Brief:
The required output is the lines below from the line containing "move=> [Lx [lb" to the line containing "Lemma is_join_fst_le S", inclusive, retyped exactly. No other lines belong in it.

Data for this exercise:
(* Let $[0,1]$ be the closed real unit interval, regarded as a complete lattice with $\sup$ and $\inf$, and let $\mathbf L=[0,1]\times\{0,1\}$ be the product lattice (componentwise order, $0<1$). Then every element of $\mathbf L$ is a non-generator, except for $(0,1)$ and $(1,0)$. Hence the set $\Gamma$ of non-generators of $\mathbf L$ is not a complete sublattice, and the complete sublattice generated by $\Gamma$ is all of $L$.
   Context: A complete sublattice of a complete lattice $\mathbf L$ is a subset $T\subseteq L$ closed under arbitrary meets and joins computed in $L$, including those of the empty set (so $T$ contains the minimum and maximum of $L$). For $X\subseteq L$, $\langle X\rangle$ is the intersection of all complete sublattices containing $X$, and $\langle X,a\rangle=\langle X\cup\{a\}\rangle$. An element $a$ is a non-generator if for every $X\subseteq L$, $\langle X,a\rangle=L$ implies $\langle X\rangle=L$. *)

From HB Require Import structures.
From mathcomp Require Import all_boot all_order all_algebra.
From mathcomp Require Import boolp classical_sets reals.
Set Implicit Arguments. Unset Strict Implicit. Unset Printing Implicit Defensive.
Import Order.TTheory GRing.Theory Num.Theory.
Local Open Scope ring_scope.
Local Open Scope classical_set_scope.

Section LatticeDefs.
Variable R : realType.

(* The carrier L = [0,1] x {0,1}, with {0,1} encoded as bool (false < true). *)
Definition Lcar : set (R * bool) := [set p | 0 <= p.1 <= 1].

Definition Lle (p q : R * bool) : Prop := p.1 <= q.1 /\ (p.2 ==> q.2).

Definition is_join (S : set (R * bool)) (x : R * bool) : Prop :=
  Lcar x /\ (forall y, S y -> Lle y x) /\
  (forall z, Lcar z -> (forall y, S y -> Lle y z) -> Lle x z).

Definition is_meet (S : set (R * bool)) (x : R * bool) : Prop :=
  Lcar x /\ (forall y, S y -> Lle x y) /\
  (forall z, Lcar z -> (forall y, S y -> Lle z y) -> Lle z x).

Definition complete_sublattice (T : set (R * bool)) : Prop :=
  T `<=` Lcar /\
  (forall S x, S `<=` T -> is_join S x -> T x) /\
  (forall S x, S `<=` T -> is_meet S x -> T x).

Definition generated (X : set (R * bool)) : set (R * bool) :=
  [set p | forall T, complete_sublattice T -> X `<=` T -> T p].

Definition non_generator (a : R * bool) : Prop :=
  forall X, X `<=` Lcar -> generated (X `|` [set a]) = Lcar -> generated X = Lcar.

Definition Gamma : set (R * bool) := [set a | Lcar a /\ non_generator a].

End LatticeDefs.

(* A proper complete sublattice T of L either misses (0, 1), or misses (1, 0),
   or contains both.  In the first case the top layer of T lies above some
   m > 0, in the second its bottom layer lies below some n < 1.  In the third,
   (r, 0) \/ (0, 1) = (r, 1) and (r, 1) /\ (1, 0) = (r, 0) force T = A x {0, 1}
   with A a proper closed subset of [0, 1], so T avoids a strip ]p, q[ x {0, 1}.
   Each of these three conditions defines a proper complete sublattice, which
   can be chosen to contain any given element other than (0, 1) and (1, 0); such
   an element therefore never completes a non-generating set.  Conversely,
   (0, 1) generates L together with the proper complete sublattice of all
   (x, 0) and (1, 1), and dually for (1, 0).  Finally (1, 0) is the join of the
   non-generators (x, 0), x < 1, and (0, 1) the meet of the (x, 1), x > 0. *)

From HB Require Import structures.
From mathcomp Require Import all_boot all_order all_algebra.
From mathcomp Require Import boolp classical_sets set_interval reals real_interval.
Import Order.TTheory GRing.Theory Num.Theory.
Local Open Scope ring_scope.
Local Open Scope classical_set_scope.

Set Implicit Arguments. Unset Strict Implicit.

Section ProductLattice.
Variable R : realType.
Implicit Types (S T U X : set (R * bool)) (a x y : R * bool) (E : set R) (r : R).

Lemma Lcar0 b : Lcar (0 : R, b).
Proof. by rewrite /Lcar /= lexx ler01. Qed.

Lemma Lcar1 b : Lcar (1 : R, b).
Proof. by rewrite /Lcar /= lexx ler01. Qed.

Lemma is_join_set0 : is_join set0 (0 : R, false).
Proof. by split; [exact: Lcar0 | split=> // z /andP[]]. Qed.

Lemma is_meet_set0 : is_meet set0 (1 : R, true).
Proof. by split; [exact: Lcar1 | split=> // z /andP[_ z1] _; split=> //; case: z.2]. Qed.

Lemma is_join_snd S x : is_join S x -> x.2 -> exists2 y, S y & y.2.
Proof.
move=> [Lx [ub lub]] x2; apply: contrapT => noS.
have [_] : Lle x (x.1, false).
  apply: lub => // y Sy; split; first by have [] := ub y Sy.
  by apply/implyP => y2; exfalso; apply: noS; exists y.
by rewrite x2.
Qed.

Lemma is_meet_snd S x : is_meet S x -> ~~ x.2 -> exists2 y, S y & ~~ y.2.
Proof.
move=> [Lx [lb glb]] x2; apply: contrapT => noS.
have [_] : Lle (x.1, true) x.
  apply: glb => // y Sy; split; first by have [] := lb y Sy.
  by apply: contrapT => /negP y2; apply: noS; exists y.
by rewrite (negbTE x2).
Qed.

Lemma is_join_fst_le S x r : is_join S x -> 0 <= r <= 1 ->
  (forall y, S y -> y.1 <= r) -> x.1 <= r.
Proof.
move=> [_ [_ lub]] r01 Sr; have [] // := lub (r, true) r01.
by move=> y Sy; split; [exact: Sr | case: y.2 {Sy}].
Qed.

Lemma is_meet_fst_ge S x r : is_meet S x -> 0 <= r <= 1 ->
  (forall y, S y -> r <= y.1) -> r <= x.1.
Proof.
move=> [_ [_ glb]] r01 Sr; have [] // := glb (r, false) r01.
by move=> y Sy; split; [exact: Sr | case: y.2 {Sy}].
Qed.

Lemma is_join_bottom E : E !=set0 -> (forall r, E r -> 0 <= r <= 1) ->
  is_join [set (r, false) | r in E] (sup E, false).
Proof.
move=> [r Er] E01; have ubE1 : ubound E 1 by move=> s /E01 /andP[].
have supE : ubound E (sup E) by apply: ub_le_sup; exists 1.
have [r0 _] := andP (E01 r Er).
split; first by rewrite /Lcar /= (le_trans r0 (supE r Er)) ge_sup //; exists r.
split=> [_ [s Es <-] | z _ ub]; first by split=> //; exact: supE.
split=> //; apply: ge_sup; first by exists r.
by move=> s Es; have [] := ub (s, false) (ex_intro2 _ _ s Es erefl).
Qed.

Response to this task:
move=> [Lx [lb glb]] x2; apply: contrapT => noS.
have [_] : Lle (x.1, true) x.
  apply: glb => // y Sy; split; first by have [] := lb y Sy.
  by apply: contrapT => /negP y2; apply: noS; exists y.
by rewrite (negbTE x2).
Qed.

Lemma is_join_fst_le S x r : is_join S x -> 0 <= r <= 1 ->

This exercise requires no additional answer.